▶ **Work request**
Below are entries. Reproduce exactly the lines between the line holding "(ent P i j.-1" and the line holding "move=> i2 j2", inclusive, and only those.

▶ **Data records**
Hypothesis k_sorted : sorted (fun x y : int => x <= y) k.

Lemma GT_row_step i j : (1 <= i <= n)%N -> (1 <= j < i)%N -> ent P i j <= ent P i j.+1.
Proof.
move=> /andP [i1 ni] /andP [j1 ji]; have [[sP sR] [bot inter]] := G.
case: (ltnP i n) => [lt_in | le_ni].
  have [_ lo] := inter i j j1 (ltnW ji) lt_in.
  have [hi _] := inter i j.+1 (ltnW j1) ji lt_in.
  exact: le_trans lo hi.
have -> : i = n by lia.
have size_k : size k = n by rewrite -bot sR; lia.
rewrite /ent bot; move/(sortedP 0): k_sorted => /(_ j.-1); rewrite prednK //.
by apply; rewrite size_k; lia.
Qed.

Lemma GT_row_mono i j1 j2 : (1 <= i <= n)%N -> (1 <= j1)%N -> (j1 <= j2 <= i)%N ->
  ent P i j1 <= ent P i j2.
Proof.
move=> ir j1pos /andP [le12]; rewrite -(subnKC le12).
elim: (j2 - j1)%N => [|d IH] ji; first by rewrite addn0.
rewrite addnS; apply: le_trans (IH _) (GT_row_step ir _); lia.
Qed.

Lemma GT_row_sorted i : (1 <= i <= n)%N -> sorted (fun x y : int => x <= y) (nth [::] P i.-1).
Proof.
move=> ir; apply/(sortedP 0) => m; have [[_ sR] _] := G.
rewrite sR; last by lia.
move=> lt_mi; have := GT_row_step (j := m.+1) ir; rewrite /ent /=; apply; lia.
Qed.

End GelfandTsetlin.

Lemma count_mem_ge3 (s : seq int) x j : (j.+2 < size s)%N ->
  nth 0 s j = x -> nth 0 s j.+1 = x -> nth 0 s j.+2 = x -> (3 <= count_mem x s)%N.
Proof.
move=> js e0 e1 e2; rewrite -(cat_take_drop j s) count_cat.
rewrite (drop_nth 0 (_ : j < size s)%N) ?(drop_nth 0 (_ : j.+1 < size s)%N) ?(drop_nth 0 js);
  try lia.
by rewrite e0 e1 e2 /= eqxx; lia.
Qed.

Lemma sorted_count_mem_le2 (s : seq int) x : sorted (fun a b : int => a <= b) s ->
  (forall j, (j.+2 < size s)%N ->
     ~~ [&& nth 0 s j == x, nth 0 s j.+1 == x & nth 0 s j.+2 == x]) ->
  (count_mem x s <= 2)%N.
Proof.
have above_x a s' : x < a -> path (fun a b : int => a <= b) a s' -> count_mem x s' = 0%N.
  move=> xa /(order_path_min le_trans) /allP s'a; apply/count_memPn/negP => /s'a.
  by rewrite leNgt xa.
elim: s => [|a s IH] //= s_sorted no3.
case: (eqVneq a x) => [ax | ax]; last first.
  by rewrite add0n; apply: IH => [|j]; [exact: path_sorted s_sorted | exact: (no3 j.+1)].
subst a; case: s s_sorted no3 {IH} => [|b s] //= /andP [xb b_path] no3.
case: (eqVneq b x) => [eb | bx]; last by rewrite (above_x b) // lt_neqAle eq_sym bx xb.
case: s b_path no3 => [|c s] //= /andP [bc c_path] no3.
have cx : c != x by have := no3 0%N isT; rewrite /= eb !eqxx.
by rewrite (negbTE cx) (above_x c) // lt_neqAle eq_sym cx -eb.
Qed.

Definition toggleable (a b : deco) : bool :=
  ((a == no_arrow) && (b == no_arrow)) || ((a == arrow_ne) && (b == arrow_nw)).

Definition toggleable_pair (P : seq (seq int)) (D : seq (seq deco)) (s : nat * nat) : bool :=
  let: (i, j) := s in
  [&& (1 <= j < i)%N, ent P i j == ent P i j.+1 & toggleable (dec D i j) (dec D i j.+1)].

Definition toggle (ds : seq deco) : seq deco :=
  match ds with
  | [:: (false, false); (false, false)] => [:: arrow_ne; arrow_nw]
  | [:: (false, true); (true, false)] => [:: no_arrow; no_arrow]
  | _ => ds
  end.

Definition triple_arrows (a b c : deco) : bool :=
  [&& neb a ==> nwb b, neb b ==> nwb c, nwb b ==> neb a & nwb c ==> neb b].

(* The eight admissible decorations of a flippable triple: each one without a
   (↗, ↖) pair is matched with one having exactly one such pair. *)
Definition flip_triple (ds : seq deco) : seq deco :=
  match ds with
  | [:: (false, false); (false, false); (false, false)] => [:: arrow_ne; arrow_nw; no_arrow]
  | [:: (false, true); (true, false); (false, false)] => [:: no_arrow; no_arrow; no_arrow]
  | [:: (false, false); (false, false); (false, true)] => [:: arrow_ne; arrow_nw; arrow_ne]
  | [:: (false, true); (true, false); (false, true)] => [:: no_arrow; no_arrow; arrow_ne]
  | [:: (true, false); (false, false); (false, false)] => [:: arrow_nw; arrow_ne; arrow_nw]
  | [:: (true, false); (false, true); (true, false)] => [:: arrow_nw; no_arrow; no_arrow]
  | [:: (true, false); (false, false); (false, true)] => [:: no_arrow; arrow_ne; arrow_nw]
  | [:: (false, false); (false, true); (true, false)] => [:: arrow_nw; no_arrow; arrow_ne]
  | _ => ds
  end.

Definition ne_nw (a b : deco) : nat := neb a && nwb b.

Lemma toggleP a b : toggleable a b ->
  exists a' b', [/\ toggle [:: a; b] = [:: a'; b'], toggleable a' b',
    toggle [:: a'; b'] = [:: a; b] & odd (ne_nw a b + ne_nw a' b')].
Proof. by case: a b => [[] []] [[] []] //= _; do 2 eexists. Qed.

Lemma toggleable_single a b : toggleable a b -> single a && single b.
Proof. by case: a b => [[] []] [[] []]. Qed.

Lemma flip_tripleP a b c : [&& single a, single b & single c] -> triple_arrows a b c ->
  exists a' b' c', [/\ flip_triple [:: a; b; c] = [:: a'; b'; c'],
    [&& single a', single b' & single c'], triple_arrows a' b' c',
    flip_triple [:: a'; b'; c'] = [:: a; b; c] &
    odd (ne_nw a b + ne_nw b c + (ne_nw a' b' + ne_nw b' c'))].
Proof. by case: a b c => [[] []] [[] []] [[] []] //= _ _; do 3 eexists. Qed.

Lemma arrow_ok_transfer P D D' i j :
  dec D' i j = dec D i j ->
  ((2 <= j)%N -> neb (dec D' i j.-1) = neb (dec D i j.-1) \/
     (ent P i j.-1 = ent P i j -> ent P i.-1 j.-1 = ent P i j -> False)) ->
  (nwb (dec D' i j.+1) = nwb (dec D i j.+1) \/
     (ent P i j.+1 = ent P i j -> ent P i.-1 j = ent P i j -> False)) ->
  arrow_ok P D i j -> arrow_ok P D' i j.
Proof.
move=> same left right [ne_ok nw_ok]; rewrite /arrow_ok same; split.
  move=> i2 ji e ne; have [ji' [e' nw]] := ne_ok i2 ji e ne.
  by case: right => [-> | no_run] //; exfalso; exact: no_run.
move=> i2 j2 e nw; have [e' ne] := nw_ok i2 j2 e nw.
by case: (left j2) => [-> | no_run] //; exfalso; exact: no_run.
Qed.

(* Changing the decorations of row [i] in the columns [lo <= j < hi] can only affect
   arrow conditions and special little triangles inside the window, unless a run of
   equal entries continues across one of its ends through the entry above. *)
Definition isolated_window (P : seq (seq int)) (i lo hi : nat) : Prop :=
  ((2 <= lo)%N -> ent P i lo = ent P i lo.-1 -> ent P i.-1 lo.-1 = ent P i lo.-1 -> False) /\
  ((hi <= i)%N -> ent P i hi.-1 = ent P i hi -> ent P i.-1 hi.-1 = ent P i hi -> False).

Lemma arrowedGT_set_row n k P D i lo ds :
  arrowedGT n k (P, D) -> (1 <= i <= n)%N -> (1 <= lo)%N -> (lo + size ds <= i.+1)%N ->
  isolated_window P i lo (lo + size ds) ->
  (forall j, (lo <= j < lo + size ds)%N -> arrow_ok P (set_row D i lo ds) i j) ->
  arrowedGT n k (P, set_row D i lo ds).
Proof.
move=> [G [sh AO]] /andP [i1 ni] lo1 hi_le [left right] window.
split => //; split; first exact: has_shape_set_row.
move=> i' j [j1 [ji' i'n]] /=; set hi := (lo + size ds)%N in hi_le left right window *.
have decE j' : (1 <= j')%N -> ~~ ((i' == i) && (lo <= j' < hi))%N ->
    dec (set_row D i lo ds) i' j' = dec D i' j'.
  by move=> j'1 /negbTE out; rewrite dec_set_row -/hi ?out //; lia.
have [/andP [/eqP -> jw] | out] := boolP ((i' == i) && (lo <= j < hi))%N; first exact: window.
apply: (arrow_ok_transfer (D := D)); [exact: decE | move=> j2 | | exact: AO].
  have [/andP [/eqP ei jw] | out'] := boolP ((i' == i) && (lo <= j.-1 < hi))%N.
    right; subst i'; have -> : j = hi by lia.
    by apply: right; lia.
  by left; rewrite decE //; lia.
have [/andP [/eqP ei jw] | out'] := boolP ((i' == i) && (lo <= j.+1 < hi))%N.
  right; subst i'; have -> : j = lo.-1 by lia.
  by rewrite prednK //; apply: left; lia.
by left; rewrite decE //; lia.
Qed.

▶ **Solution to this task**
     (ent P i j.-1 = ent P i j -> ent P i.-1 j.-1 = ent P i j -> False)) ->
  (nwb (dec D' i j.+1) = nwb (dec D i j.+1) \/
     (ent P i j.+1 = ent P i j -> ent P i.-1 j = ent P i j -> False)) ->
  arrow_ok P D i j -> arrow_ok P D' i j.
Proof.
move=> same left right [ne_ok nw_ok]; rewrite /arrow_ok same; split.
  move=> i2 ji e ne; have [ji' [e' nw]] := ne_ok i2 ji e ne.
  by case: right => [-> | no_run] //; exfalso; exact: no_run.
move=> i2 j2 e nw; have [e' ne] := nw_ok i2 j2 e nw.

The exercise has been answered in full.